I imagine that some operators are taking a wait and see approach to what the fully-transitioned Bally's offers and how hard they press various forms of gambling.

I'd guess that Sinclair needs that to happen soon as they've got a lot of irons in the fire and the various OTA endeavors (repacking, NEXTGEN TV deployment and station acquisition) weren't cheap.


----------



## James Long

Perhaps Bally is giving Sinclair enough money for branding (and the gambling tie ins) that Sinclair can adjust their prices to something more acceptable for other carriers. (At the risk of charging AT&T|DIRECTV and other carriers less money.)


----------



## TheRatPatrol

cmasia said:


> Allow people to buy MLB.tv or NHL.TV and pay an additional $50 (an arbitrary figure) to eliminate local blackouts.
> 100% of that "local" fee would be funneled directly to the affected RSN.
> If I paid an extra $50 for MLB and an additional $50 for NHL, the RSN would get more money from me than if I had cable!


$50-$100 extra a month or for the season?


----------



## HGuardian

cmasia said:


> Wow.... where to start.
> 
> First, any discussion trying to compare ESPN with RSN's is like comparing apples and razor blades. So, please don't conflate the 2. They cannot be compared.
> 
> Second, if you think RSN's are going away anytime soon, check the end date of these agreements in baseball.

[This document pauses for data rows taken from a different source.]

Lemma is_vderive_ext_loc (f g : R -> V3) s l :
  locally s (fun u => f u = g u) -> is_vderive f s l -> is_vderive g s l.
Proof.
  intros Hfg (Hx & Hy & Hz).
  split; [|split]; eapply is_derive_ext_loc; try eassumption;
    apply (filter_imp _ _ (fun u (E : f u = g u) => f_equal _ E) Hfg).
Qed.

Lemma is_vderive_add f g s lf lg : is_vderive f s lf -> is_vderive g s lg ->
  is_vderive (fun u => vadd (f u) (g u)) s (vadd lf lg).
Proof.
  intros (Hfx & Hfy & Hfz) (Hgx & Hgy & Hgz).
  split; [|split]; simpl; apply (is_derive_Rplus (fun u => _ (f u)) (fun u => _ (g u))); assumption.
Qed.

Lemma is_vderive_scale (c : R -> R) f s dc lf : is_derive c s dc -> is_vderive f s lf ->
  is_vderive (fun u => vscale (c u) (f u)) s (vadd (vscale dc (f s)) (vscale (c s) lf)).
Proof.
  intros Hc (Hx & Hy & Hz).
  split; [|split]; simpl; apply (Derive.is_derive_mult c (fun u => _ (f u))); assumption.
Qed.

Lemma is_vderive_const_scale (c : R) f s lf : is_vderive f s lf ->
  is_vderive (fun u => vscale c (f u)) s (vscale c lf).
Proof.
  intros (Hx & Hy & Hz).
  split; [|split]; simpl; apply (is_derive_scal (fun u => _ (f u))); assumption.
Qed.

Lemma is_vderive_cross f g s lf lg : is_vderive f s lf -> is_vderive g s lg ->
  is_vderive (fun u => vcross (f u) (g u)) s (vadd (vcross lf (g s)) (vcross (f s) lg)).
Proof.
  intros (Hfx & Hfy & Hfz) (Hgx & Hgy & Hgz).
  split; [|split]; (eapply is_derive_eq;
    [ apply is_derive_Rminus;
      apply (Derive.is_derive_mult (fun u => _ (f u)) (fun u => _ (g u))); eassumption
    | simpl; ring ]).
Qed.

Lemma is_derive_vdot f g s lf lg : is_vderive f s lf -> is_vderive g s lg ->
  is_derive (fun u => vdot (f u) (g u)) s (vdot lf (g s) + vdot (f s) lg).
Proof.
  intros (Hfx & Hfy & Hfz) (Hgx & Hgy & Hgz).
  unfold vdot; eapply is_derive_eq.
  - apply is_derive_Rplus; [apply is_derive_Rplus|];
      apply (Derive.is_derive_mult (fun u => _ (f u)) (fun u => _ (g u))); eassumption.
  - ring.
Qed.

Lemma inI_between a b x y z : inI a b x -> inI a b z -> x <= y <= z -> inI a b y.
Proof. unfold inI; destruct a, b; simpl; lra. Qed.

Lemma locally_inI a b s : inI a b s -> locally s (inI a b).
Proof.
  apply locally_open; [|tauto].
  apply open_and; [apply open_Rbar_gt | apply open_Rbar_lt].
Qed.

Lemma locally_between (P : R -> Prop) lo hi x :
  lo < x < hi -> (forall v, lo < v < hi -> P v) -> locally x P.
Proof.
  intros Hx HP; apply (locally_open (fun v => lo < v /\ v < hi)); auto.
  apply open_and; [apply open_gt | apply open_lt].
Qed.

Lemma is_derive_zero_segment (f : R -> R) x y :
  x <= y -> (forall u, x <= u <= y -> is_derive f u 0) -> f x = f y.
Proof.
  intros Hxy Hf.
  destruct (MVT_gen f x y (fun _ => 0)) as [c [_ Hc]].
  - rewrite Rmin_left, Rmax_right by lra. intros u Hu; apply Hf; lra.
  - rewrite Rmin_left, Rmax_right by lra. intros u Hu.
    apply continuity_pt_filterlim, (ex_derive_continuous (V := R_NormedModule)).
    exists 0; apply Hf; exact Hu.
  - lra.
Qed.

Lemma is_derive_zero_interval a b (f : R -> R) :
  (forall s, inI a b s -> is_derive f s 0) ->
  forall s t, inI a b s -> inI a b t -> f s = f t.
Proof.
  intros Hf s t Hs Ht.
  destruct (Rle_dec s t); [|symmetry];
    (apply is_derive_zero_segment; [lra|]); intros u Hu; apply Hf.
  - apply (inI_between a b s u t); assumption.
  - apply (inI_between a b t u s); assumption.
Qed.

Lemma locally_segment (P : R -> Prop) s :
  locally s P -> exists e, 0 < e /\ forall v, s - e <= v <= s + e -> P v.
Proof.
  intros [eps Heps]; pose proof (cond_pos eps).
  exists (eps / 2); split; [lra|].
  intros v Hv; apply Heps.
  unfold ball; simpl; unfold AbsRing_ball, abs, minus, plus, opp; simpl.
  apply Rabs_def1; lra.
Qed.

Lemma is_derive_locally_const (f : R -> R) (s c l : R) :
  locally s (fun u => f u = c) -> is_derive f s l -> l = 0.
Proof.
  intros Hc Hf.
  assert (H0 : is_derive f s 0).
  { apply (is_derive_ext_loc (fun _ => c)); [apply (filter_imp _ _ (fun u E => eq_sym E) Hc)|].
    apply is_derive_Rconst. }
  apply is_derive_unique in Hf, H0; congruence.
Qed.

Lemma sqr_eq_1_const a b (f : R -> R) :
  (forall s, inI a b s -> ex_derive f s) -> (forall s, inI a b s -> f s ^ 2 = 1) ->
  exists eps, (eps = 1 \/ eps = -1) /\ forall s, inI a b s -> f s = eps.
Proof.
  intros Hf Hunit.
  destruct (classic (exists s0, inI a b s0)) as [[s0 Hs0] | Hempty].
  2: { exists 1; split; [left; reflexivity | intros s Hs; exfalso; eauto]. }
  exists (f s0); split.
  { pose proof (Hunit s0 Hs0).
    destruct (Rle_dec 0 (f s0)); [left | right]; nra. }
  intros s Hs; apply (is_derive_zero_interval a b f); auto.
  intros u Hu; destruct (Hf u Hu) as [d Hd].
  assert (Hsq : 2 * f u * d = 0).
  { apply (is_derive_locally_const (fun v => f v * f v) u 1).
    - apply (filter_imp (inI a b)); [|apply locally_inI, Hu].
      intros v Hv; rewrite <- (Hunit v Hv); ring.
    - eapply is_derive_eq; [apply Derive.is_derive_mult; exact Hd | ring]. }
  replace d with 0 in Hd; [exact Hd|].
  pose proof (Hunit u Hu); nra.
Qed.

Definition primitive_on (k F : R -> R) (x y : R) : Prop :=
  forall u, x <= u <= y -> is_derive F u (k u).

Lemma primitive_on_sub k F x y x' y' :
  x <= x' -> y' <= y -> primitive_on k F x y -> primitive_on k F x' y'.
Proof. intros Hx Hy HF u Hu; apply HF; lra. Qed.

Lemma primitive_on_increment k F G x y u v :
  primitive_on k F x y -> primitive_on k G x y ->
  x <= u <= y -> x <= v <= y -> F u - F v = G u - G v.
Proof.
  intros HF HG Hu Hv.
  assert (Hconst : forall w, x <= w <= y -> F w - G w = F x - G x).
  { intros w Hw; symmetry.
    apply (is_derive_zero_segment (fun w => F w - G w)); [lra|].
    intros z Hz; eapply is_derive_eq.
    - apply is_derive_Rminus; [apply HF | apply HG]; lra.
    - ring. }
  pose proof (Hconst u Hu); pose proof (Hconst v Hv); lra.
Qed.

Lemma primitive_on_glue k F G x x' y z :
  x <= x' < y -> y <= z -> primitive_on k F x y -> primitive_on k G x' z ->
  exists H, primitive_on k H x z.
Proof.
  intros Hx' Hyz HF HG.
  set (m := (x' + y) / 2).
  assert (HFG : forall v, m <= v <= y -> G v + (F m - G m) = F v).
  { intros v Hv.
    assert (F v - F m = G v - G m); [|lra].
    apply (primitive_on_increment k F G m y);
      try (eapply primitive_on_sub; [| |eassumption]); unfold m in *; lra. }
  exists (fun u => if Rle_dec u m then F u else G u + (F m - G m)).
  intros u Hu. destruct (Rlt_dec u y) as [Huy | Huy].
  - apply (is_derive_ext_loc F); [|apply HF; lra].
    apply (locally_between _ (u - 1) y); [lra|]. intros v Hv.
    destruct (Rle_dec v m); [reflexivity | symmetry; apply HFG; lra].
  - apply (is_derive_ext_loc (fun v => G v + (F m - G m))).
    + apply (locally_between _ m (u + 1)); [unfold m; lra|]. intros v Hv.
      destruct (Rle_dec v m); [lra | reflexivity].
    + eapply is_derive_eq.
      * apply is_derive_Rplus; [apply HG | apply is_derive_Rconst]; unfold m in *; lra.
      * apply Rplus_0_r.
Qed.

Section IntervalPrimitive.

Variables (a b : Rbar) (k : R -> R).

Hypothesis local_primitive : forall s, inI a b s ->
  exists e, 0 < e /\ exists G, primitive_on k G (s - e) (s + e).

Lemma primitive_on_segment x y :
  inI a b x -> inI a b y -> x <= y -> exists F, primitive_on k F x y.
Proof.
  intros Hx Hy Hxy.
  (* c := sup of the t in [x, y] reachable from x; the local primitive at c reaches
     past c unless c = y. *)
  set (E := fun t => x <= t <= y /\ exists F, primitive_on k F x t).
  assert (HEx : E x).
  { destruct (local_primitive x Hx) as [e [He [G HG]]].
    split; [lra|]. exists G; eapply primitive_on_sub; [| |exact HG]; lra. }
  destruct (completeness E) as [c [Hub Hlub]].
  { exists y; intros t Ht; apply Ht. }
  { exists x; exact HEx. }
  assert (Hxc : x <= c) by (apply Hub, HEx).
  assert (Hcy : c <= y) by (apply Hlub; intros t Ht; apply Ht).
  destruct (local_primitive c (inI_between a b x c y Hx Hy (conj Hxc Hcy)))
    as [e [He [G HG]]].
  pose proof (Rmin_l y (c + e)); pose proof (Rmin_r y (c + e)).
  assert (HE : E (Rmin y (c + e))).
  { split; [split; [apply Rmin_glb|]; lra|].
    destruct (Rlt_dec (c - e / 2) x).
    - exists G; eapply primitive_on_sub; [| |exact HG]; lra.
    - destruct (classic (exists t, E t /\ c - e / 2 < t)) as [[t [[Ht [F HF]] Hct]] | Hno].
      + assert (t <= c) by (apply Hub; split; [exact Ht | exists F; exact HF]).
        assert (t <= Rmin y (c + e)) by (apply Rmin_glb; lra).
        apply (primitive_on_glue k F G x (c - e / 2) t); try lra; [exact HF|].
        eapply primitive_on_sub; [| |exact HG]; lra.
      + assert (c <= c - e / 2); [|lra].
        apply Hlub; intros t Ht; apply Rnot_lt_le; intros Hct; apply Hno; eauto. }
  assert (Hc : Rmin y (c + e) <= c) by (apply Hub, HE).
  destruct HE as [_ [F HF]]. exists F.
  replace y with (Rmin y (c + e)); [exact HF|].
  unfold Rmin in *; destruct (Rle_dec y (c + e)); lra.
Qed.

Nobody is against RSN's (though their buddy-buddy partnerships with the teams have made broadcasts increasingly more like reading Pravda than actual analysis of the local team with every passing year), they just want to watch their games. The insistence by Sinclair that they can only view them only on expensive platforms encourages either piracy or disengagement. Many times the consumers have been far ahead of the corporation, particularly in television.


----------



## Andrew Sullivan

Bottom line is that the local teams lose. Maybe not all of them lose money but consider the smaller market teams like Oakland, Phoenix, Cinncinatt, Pittsburgh, Milwaukee, Tampa, Kansas City etc. They count on fan participation which is little difficult if they are restricted to maybe 30% capacity in their ball parks. And what about the RSN channel advertisers? They have to be thrilled that their audience is restricted to one single provider and its ATT. Advertising dollars will surely shrink.


----------



## cmasia

Hi, TRP.
Per season...
RSN's charge MVPD's anywhere from $3 to $6 per month.
Getting $50 would mostly offset that, and they'd even be better off if OTT subs paid the same extra $50 for NHL and NBA games.

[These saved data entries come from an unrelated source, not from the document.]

Record lmod (A : algebra) := LMod {
  mcar :> lmodType CC;
  act : A -> mcar -> mcar;
  actDl : forall a b v, act (a + b) v = act a v + act b v;
  actDr : forall a v w, act a (v + w) = act a v + act a w;
  actZl : forall (k : CC) a v, act (k *: a) v = k *: act a v;
  actZr : forall (k : CC) a v, act a (k *: v) = k *: act a v;
  actA : forall a b v, act (amul a b) v = act a (act b v)
}.
Arguments act {A} _ _ _.

Definition quasicoherent (A : algebra) (M : lmod A) :=
  forall xi : M, exists a : A, act M a xi = xi.

Definition submodule (A : algebra) (M : lmod A) (S : M -> Prop) :=
  [/\ S 0, (forall x y, S x -> S y -> S (x + y)),
      (forall (k : CC) x, S x -> S (k *: x)) &
      (forall a x, S x -> S (act M a x))].

Definition fin_generated (A : algebra) (M : lmod A) :=
  exists s : seq M, forall S : M -> Prop, submodule S ->
    (forall x, x \in s -> S x) -> forall m, S m.

Definition coherent (A : algebra) (M : lmod A) :=
  quasicoherent M /\ fin_generated M.

Definition Alinear (A : algebra) (M N : lmod A) (f : M -> N) :=
  [/\ (forall x y, f (x + y) = f x + f y),
      (forall (k : CC) x, f (k *: x) = k *: f x) &
      (forall a x, f (act M a x) = act N a (f x))].

(* A-linear maps defined on an A-submodule S of M (values outside S irrelevant) *)
Definition Alinear_on (A : algebra) (M N : lmod A) (S : M -> Prop) (f : M -> N) :=
  [/\ (forall x y, S x -> S y -> f (x + y) = f x + f y),
      (forall (k : CC) x, S x -> f (k *: x) = k *: f x) &
      (forall a x, S x -> f (act M a x) = act N a (f x))].

Definition projective_coh (A : algebra) (M : lmod A) :=
  forall (V W : lmod A) (pi : V -> W) (f : M -> W),
    coherent V -> coherent W -> Alinear pi -> (forall w, exists v, pi v = w) ->
    Alinear f -> exists g : M -> V, Alinear g /\ forall x, pi (g x) = f x.

(* ---------- B = End_{A,-}(M)^op ----------
   Elements of B are the A-linear maps T : M -> M; B acts on M on the right by
   xi . T = T xi, so the product in B is  S . T = T \o S  (opposite algebra). *)
Definition inB (A : algebra) (M : lmod A) (T : M -> M) := Alinear (M:=M) (N:=M) T.

Definition addB (A : algebra) (M : lmod A) (S T : M -> M) : M -> M := fun x => S x + T x.
Definition scaleB (A : algebra) (M : lmod A) (k : CC) (T : M -> M) : M -> M := fun x => k *: T x.
Definition mulB (A : algebra) (M : lmod A) (S T : M -> M) : M -> M := fun x => T (S x).

Definition imgp (A : algebra) (M : lmod A) (p : M -> M) (xi : M) := exists eta, xi = p eta.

This probably won't happen, but as long as RSN's are locked into long term deals with MVPD's, I can't think of another option to to satisfy cord-cutters.

To HGuardian: You are right about almost everything you say, but being theoretical does nothing to advance discussion of the reality of the situation.

RSN's made their bed with MVPD's and apparently think destroying those relationships is too risky to pursue over the next few years.

Unless you have any suggestions on how to satisfy both customer bases ( cable/sat subs and OTT'ers) , the conversation here will continue to go round and round.

Here's another potential:
For everyone who has an RSN subscription through an MVPD, allow them 3 separate logins for an extra fee, on their "in-market" streaming apps.
It keeps the main sub tethered to the RSN, while allowing cord-cutters to enjoy the action.
How much would that be worth per month?


----------



## James Long

HGuardian said:


> Nobody is against RSN's (though their buddy-buddy partnerships with the teams have made broadcasts increasingly more like reading Pravda than actual analysis of the local team with every passing year), they just want to watch their games. The insistence by Sinclair that they can only view them only on expensive platforms encourages either piracy or disengagement. Many times the consumers have been far ahead of the corporation, particularly in television.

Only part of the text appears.